For all the talk of an innovative auction method, the ultimate result was that Google, its venture capital investors and its financial advisers chose to price the stock in the time-honored tradition of Wall Street, where IPO shares in major deals often are intentionally discounted so that they will rise in price on the first day of trading.
That strategy was deemed important by two major Google venture capital backers, Kleiner Perkins Caufield & Byers and Sequoia Capital, according to people familiar with the deal. The two firms had pushed hardest for a public offering, but when insufficient demand developed at Google's initial price range of $108 to $135 per share earlier this week, the firms bailed the deal out by deciding not to sell any of the millions of shares of Google stock they had originally planned to put on the market. Their decision had a positive impact on the psychology of the offering, since investors were suspicious that heavy selling in the IPO by sophisticated insiders signaled a lack of confidence in the company's financial prospects.
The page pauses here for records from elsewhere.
Lemma genF_mpowr P Q x : pos_diagonalizable Q ->
  genF (mpow x Q) P Q =
  \tr (msqrt (mpow (x / 2) Q *m P *m mpow (x / 2) Q) *m mpow ((1 - x) / 2) Q).
Proof.
move=> hQ.
have sandwich : mpow (x / 2) Q *m Q *m mpow (x / 2) Q = mpow (x + 1) Q.
  rewrite -{2}(mpow1 hQ) !(mpowD hQ).
  by apply: (congr1 (fun a => mpow a Q)); field.
have postfactor : invmx (mpow x Q) *m msqrt (mpow (x + 1) Q) = mpow ((1 - x) / 2) Q.
  rewrite (msqrt_mpow hQ) (invmx_mpow hQ) (mpowD hQ).
  by apply: (congr1 (fun a => mpow a Q)); field.
by rewrite /genF msqrt_mpow // sandwich -mulmxA postfactor.
Qed.

Lemma mxtrace_Pol_mpowl P Q x : pos_diagonalizable P -> pos_diagonalizable Q ->
  \tr (msqrt P *m Pol (mpow (x / 2) P *m msqrt Q) *m msqrt Q) =
  \tr (mpow ((1 - x) / 2) P *m msqrt (mpow (x / 2) P *m Q *m mpow (x / 2) P)).
Proof.
move=> hP hQ.
have sandwich : mpow (x / 2) P *m msqrt Q *m adjmx (mpow (x / 2) P *m msqrt Q) =
                mpow (x / 2) P *m Q *m mpow (x / 2) P.
  rewrite adjmxM (adjmx_msqrt hQ) (adjmx_mpow hP) mulmxA.
  by rewrite -(mulmxA (mpow (x / 2) P)) (msqrtK hQ).
have prefactor : invmx (adjmx (mpow (x / 2) P)) *m msqrt P = mpow ((1 - x) / 2) P.
  rewrite (adjmx_mpow hP) (invmx_mpow hP) (mpowD hP).
  by apply: (congr1 (fun a => mpow a P)); field.
rewrite -{2}(adjmx_msqrt hQ).
have Qu : msqrt Q \in unitmx := mpow_unit hQ _.
apply: etrans (mxtrace_mulmx_Pol _ (mpow_unit hP _) Qu) _.
by rewrite sandwich prefactor.
Qed.

Lemma mxtrace_Pol_mpowr P Q x : pos_diagonalizable P -> pos_diagonalizable Q ->
  \tr (msqrt P *m Pol (msqrt P *m mpow (x / 2) Q) *m msqrt Q) =
  \tr (msqrt (mpow (x / 2) Q *m P *m mpow (x / 2) Q) *m mpow ((1 - x) / 2) Q).
Proof.
move=> hP hQ.
have sandwich : adjmx (msqrt P *m mpow (x / 2) Q) *m (msqrt P *m mpow (x / 2) Q) =
                mpow (x / 2) Q *m P *m mpow (x / 2) Q.
  rewrite adjmxM (adjmx_msqrt hP) (adjmx_mpow hQ) mulmxA.
  by rewrite -(mulmxA (mpow (x / 2) Q)) (msqrtK hP).
have postfactor : msqrt Q *m invmx (adjmx (mpow (x / 2) Q)) = mpow ((1 - x) / 2) Q.
  rewrite (adjmx_mpow hQ) (invmx_mpow hQ) (mpowD hQ).
  by apply: (congr1 (fun a => mpow a Q)); field.
rewrite -{1}(adjmx_msqrt hP).
have Pu : msqrt P \in unitmx := mpow_unit hP _.
apply: etrans (mxtrace_adjmx_Pol _ Pu (mpow_unit hQ _)) _.
by rewrite sandwich postfactor.
Qed.

End Fidelity.

Theorem mainTheorem10 (R : realType) (d : nat) (P Q : 'M[complex R]_d) (x : R) :
  posdef P -> posdef Q ->
  let Ux := Pol (mpow (x / 2) P *m msqrt Q) in
  let Vx := Pol (msqrt P *m mpow (x / 2) Q) in
  (genF (mpow x P) P Q = \tr (msqrt P *m Ux *m msqrt Q) /\
   \tr (msqrt P *m Ux *m msqrt Q) =
     \tr (mpow ((1 - x) / 2) P *m msqrt (mpow (x / 2) P *m Q *m mpow (x / 2) P)))
  /\
  (genF (mpow x Q) P Q = \tr (msqrt P *m Vx *m msqrt Q) /\
   \tr (msqrt P *m Vx *m msqrt Q) =
     \tr (msqrt (mpow (x / 2) Q *m P *m mpow (x / 2) Q) *m mpow ((1 - x) / 2) Q)).
Proof.
move=> /posdef_pos_diagonalizable hP /posdef_pos_diagonalizable hQ Ux Vx.
have trU := mxtrace_Pol_mpowl x hP hQ; have trV := mxtrace_Pol_mpowr x hP hQ.
split; split; [exact: etrans (genF_mpowl _ _ hP) (esym trU) | exact: trU
              | exact: etrans (genF_mpowr _ _ hQ) (esym trV) | exact: trV].
Qed.
Lemma cspanZ S c X : cspan S X -> cspan S (c *: X).
Proof.
move=> [l [S_l ->]]; exists [seq (c * p.1, p.2) | p <- l]; split.
  by move=> _ /mapP[p /S_l S_p ->].
by rewrite big_map scaler_sumr; apply: eq_bigr => p _; rewrite scalerA.
Qed.

Lemma cspan_mem S X : S X -> cspan S X.
Proof.
move=> S_X; exists [:: (1, X)]; rewrite big_seq1 scale1r.
by split=> // p; rewrite inE => /eqP->.
Qed.

Lemma cspan_sum S I (r : seq I) (P : pred I) (F : I -> 'M[C]_n) :
  (forall i, P i -> cspan S (F i)) -> cspan S (\sum_(i <- r | P i) F i).
Proof. by move=> S_F; apply: big_ind => //; [exact: cspan0 | exact: cspanD]. Qed.

Lemma cspan_linear (f : 'M[C]_n -> 'M[C]_n) S T X : linear f ->
  (forall Y, S Y -> cspan T (f Y)) -> cspan S X -> cspan T (f X).
Proof.
move=> f_lin ST [l [S_l ->]]; rewrite (lin_sum f_lin) big_seq.
by apply: cspan_sum => p /S_l S_p; rewrite (linZ f_lin); apply/cspanZ/ST.
Qed.

Lemma cspan_trans S T X : (forall Y, S Y -> cspan T Y) -> cspan S X -> cspan T X.
Proof. by apply: (@cspan_linear id). Qed.

Lemma cspan_fixed (f : 'M[C]_n -> 'M[C]_n) S X : linear f ->
  (forall Y, S Y -> f Y = Y) -> cspan S X -> f X = X.
Proof.
move=> f_lin f_S [l [S_l ->]]; rewrite (lin_sum f_lin) !big_seq.
by apply: eq_bigr => p /S_l S_p; rewrite (linZ f_lin) f_S.
Qed.

Lemma Aff_cspan S X : Aff S X -> cspan S X.
Proof.
move=> [[k [t [s [S_s [_ [_ ->]]]]]] _].
by apply: cspan_sum => a _; apply/cspanZ/cspan_mem.
Qed.

End ComplexSpan.

Lemma cspan_tens (C : numClosedFieldType) m n (S : 'M[C]_m -> Prop)
    (T : 'M[C]_n -> Prop) A B :
  cspan S A -> cspan T B ->
  cspan (fun M => exists a b, S a /\ T b /\ M = a *t b) (A *t B).
Proof.
move=> [l1 [S_l1 ->]] [l2 [T_l2 ->]].
rewrite tensmx_suml big_seq; apply: cspan_sum => p /S_l1 S_p.
rewrite tensmxZl tensmx_sumr big_seq; apply/cspanZ/cspan_sum => q /T_l2 T_q.
by rewrite tensmxZr; apply/cspanZ/cspan_mem; exists p.2, q.2.
Qed.

Section DensitySpan.
Variables (C : numClosedFieldType) (d : nat).
Implicit Types v w : 'cV[C]_d.

Lemma psd_rank_one v : psd (v *m adjmx v).
Proof.
split=> [|w]; first by rewrite adjmxM adjmxK.
have -> : adjmx w *m (v *m adjmx v) *m w
          = (adjmx w *m v) *m adjmx (adjmx w *m v).
  by rewrite adjmxM adjmxK !mulmxA.
by rewrite mxE big_ord1 /adjmx !mxE -normCK exprn_ge0.
Qed.

Lemma mxtrace_rank_one v : \tr (v *m adjmx v) = \sum_i `|v i 0| ^+ 2.
Proof.
by apply: eq_bigr => i _; rewrite mxE big_ord1 /adjmx !mxE normCK.
Qed.

Lemma mxtrace_rank_one_gt0 v : v != 0 -> 0 < \tr (v *m adjmx v).
Proof.
move=> v_neq0; have sq_ge0 i : 0 <= `|v i 0| ^+ 2 by exact: exprn_ge0.
rewrite mxtrace_rank_one lt_def sumr_ge0 // andbT.
apply: contra v_neq0 => /eqP/psumr_eq0P v0; apply/eqP/matrixP => i j.
by rewrite [j]ord1 mxE; apply/eqP; rewrite -normr_eq0 -sqrf_eq0 v0.
Qed.
(* For every $\epsilon$, the class $\mathbf{RMM}_\epsilon$ is closed under complement, under inverse homomorphisms and under word quotients. That is, if $L\subseteq\Sigma^*$ belongs to $\mathbf{RMM}_\epsilon$, then so do $\Sigma^*\setminus L$, $h^{-1}(L)=\{x\in\Sigma^*: h(x)\in L\}$ for every monoid homomorphism $h:\Sigma^*\to\Sigma^*$, and $w^{-1}L=\{x: wx\in L\}$ and $Lw^{-1}=\{x: xw\in L\}$ for every $w\in\Sigma^*$.
   Context: A measure-many quantum finite automaton (MM-QFA) over a finite alphabet $\Sigma$ is a tuple $M=(Q,\Sigma,\{U_\sigma\}_{\sigma\in\Sigma\cup\{\$\}},q_0,Q_{acc},Q_{rej})$, where $Q$ is a finite set of states indexing an orthonormal basis $\{|q\rangle\}$ of $\mathbb{C}^Q$, $\$\notin\Sigma$ is an end-marker, each $U_\sigma$ is unitary, $q_0$ is the initial state, and $Q$ is partitioned into accepting halting states $Q_{acc}$, rejecting halting states $Q_{rej}$ and non-halting states $Q_{non}$; let $P_{acc},P_{rej},P_{non}$ be the orthogonal projections onto the spans of the corresponding basis vectors. On input $x\in\Sigma^*$ the machine processes the symbols of $x\$$ one at a time, maintaining a triple $(\psi,p_{acc},p_{rej})$ initialised to $(|q_0\rangle,0,0)$: on reading $\sigma$ it sets $\psi'=U_\sigma\psi$, adds $\|P_{acc}\psi'\|^2$ to $p_{acc}$ and $\|P_{rej}\psi'\|^2$ to $p_{rej}$, and replaces $\psi$ by $P_{non}\psi'$. The acceptance probability $p_M(x)$ is the final value of $p_{acc}$. $M$ accepts $L$ with cut-point $\lambda$ and margin $\epsilon>0$ if $p_M(x)>\lambda+\epsilon$ for $x\in L$ and $p_M(x)<\lambda-\epsilon$ for $x\notin L$. $\mathbf{RMM}_\epsilon$ is the class of languages accepted by some MM-QFA (with some cut-point) with margin at least $\epsilon$. *)

From HB Require Import structures.
From mathcomp Require Import all_boot all_order all_algebra.
From mathcomp Require Import spectral.
From mathcomp Require Import complex.
From mathcomp Require Import reals.
Set Implicit Arguments. Unset Strict Implicit. Unset Printing Implicit Defensive.
Import Order.TTheory GRing.Theory Num.Theory.
Local Open Scope ring_scope.
(* If $D$ is finite and the Fischer space $\Pi(D)$ has at least one line that is not a vanishing set, then $\overline{\mathcal{A}}=\mathcal{A}(D)/\mathcal{V}(D)$ is the direct product of all its minimal ideals. Furthermore, $G$ transitively permutes the minimal ideals of $\overline{\mathcal{A}}$.
   Context: Let $G$ be a group generated by a conjugacy class $D$ of involutions such that for all $d,e\in D$ the order of $de$ is $1$, $2$ or $3$. The Fischer space $\Pi(D)$ has point set $D$ and lines the triples $\{d,e,d^e\}$ with $d,e\in D$ non-commuting. $\mathcal{A}(D)$ is the $\mathbb{F}_2$-vector space of finite subsets of $D$ under symmetric difference (basis $D$), with bilinear product determined by $d*e=d+e+f$ if $\{d,e,f\}$ is a line and $d*e=0$ otherwise; $G$ acts on it by linear extension of conjugation. The bilinear form $\langle\cdot,\cdot\rangle$ is determined by $\langle d,e\rangle=1$ if $d,e$ do not commute and $0$ otherwise; $\mathcal{V}(D)$ is its radical, and a finite subset of $D$ is called vanishing if it lies in $\mathcal{V}(D)$. *)

From HB Require Import structures.
From mathcomp Require Import all_boot all_order all_algebra all_fingroup.
From mathcomp Require Import generic_quotient.
Set Implicit Arguments. Unset Strict Implicit. Unset Printing Implicit Defensive.
Import GRing.Theory.
Local Open Scope ring_scope.
Local Open Scope quotient_scope.

Section Fischer.
Variables (gT : finGroupType) (D : {set gT}).

Definition elD : Type := {x : gT | x \in D}.
HB.instance Definition _ := Finite.on elD.

(** A(D): F_2-vector space with basis D; a finite subset S of D is
    identified with its indicator function *)
Notation algA := {ffun elD -> 'F_2}.

Definition ncomm (d e : elD) : bool := (val d * val e != val e * val d)%g.

Definition bvec (d : elD) : algA := [ffun x => (x == d)%:R].

Definition indic (S : {set gT}) : algA := [ffun x => (val x \in S)%:R].

Definition prodD (d e : elD) : algA :=
  if ncomm d e then bvec d + bvec e + [ffun x => (val x == (val d ^ val e)%g)%:R]
  else 0.

Definition mulA (X Y : algA) : algA :=
  [ffun x => \sum_(d : elD) \sum_(e : elD) X d * Y e * prodD d e x].

Definition formA (X Y : algA) : 'F_2 :=
  \sum_(d : elD) X d * \sum_(e : elD) (ncomm d e)%:R * Y e.

Definition inV (X : algA) : bool := [forall Y, formA X Y == 0].

Definition vanishing (S : {set gT}) : bool := (S \subset D) && inV (indic S).

Lemma formA_sub X Z Y : formA (X - Z) Y = formA X Y - formA Z Y.
Proof.
rewrite /formA -sumrB; apply: eq_bigr => d _.
by rewrite !ffunE mulrBl.
Qed.

Lemma formA0 Y : formA 0 Y = 0.
Proof. by rewrite /formA big1 // => d _; rewrite ffunE mul0r. Qed.

Lemma formA_opp X Y : formA (- X) Y = - formA X Y.
Proof. by rewrite -sub0r formA_sub formA0 sub0r. Qed.

Definition eqV (X Y : algA) : bool := inV (X - Y).

Lemma eqV_refl : reflexive eqV.
Proof. by move=> X; apply/forallP => Y; rewrite subrr formA0. Qed.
There was more than altruism at work in that decision. Kleiner Perkins, Sequoia Capital and others who owned Google shares and stock options prior to the IPO will become eligible over the next six months to sell more than 200 million additional Google shares. As a result, the firms had a tremendous financial stake in establishing a positive feeling toward the stock offering among major institutional investors and the investing public, whom they will look to again in the coming months to gobble up additional shares.
Gaskins said Google executives and the company's financial advisers, Morgan Stanley and Credit Suisse Group, chose to allocate and price shares to meet only 75 percent of the demand in the IPO auction, intentionally leaving some investors hungry to snap up more stock once the shares began trading. Gaskins said that, based on his own analysis of profits and share prices, Google, at about $100, is now trading at the same valuation level as its chief competitor, Yahoo.
A handful of trades were executed by mistake with prices soaring as high as $140.92 per share before Google stock officially began changing hands yesterday in the late morning. A spokeswoman for the Nasdaq Stock Market said those mistaken trades were canceled, adding that such errors can happen in large IPOs as thousands of investors and brokers seek to match supply and demand in an orderly fashion. "We took them off the tape," Bethany Sherman, a spokeswoman for Nasdaq, said of the erroneous trades.
At yesterday's closing stock price, Brin and Page are each worth $3.8 billion, and Google's chief executive officer, Eric E. Schmidt, is worth $1.4 billion.
"It has been a good day for Google," said Jupiter Research analyst Nate Elliott. "Despite all the problems and all the potential issues that could have sidetracked them, they went public and made a lot of money for the company and early investors, and the stock price went up. And Google, being Google, made sure they did it like no one ever had."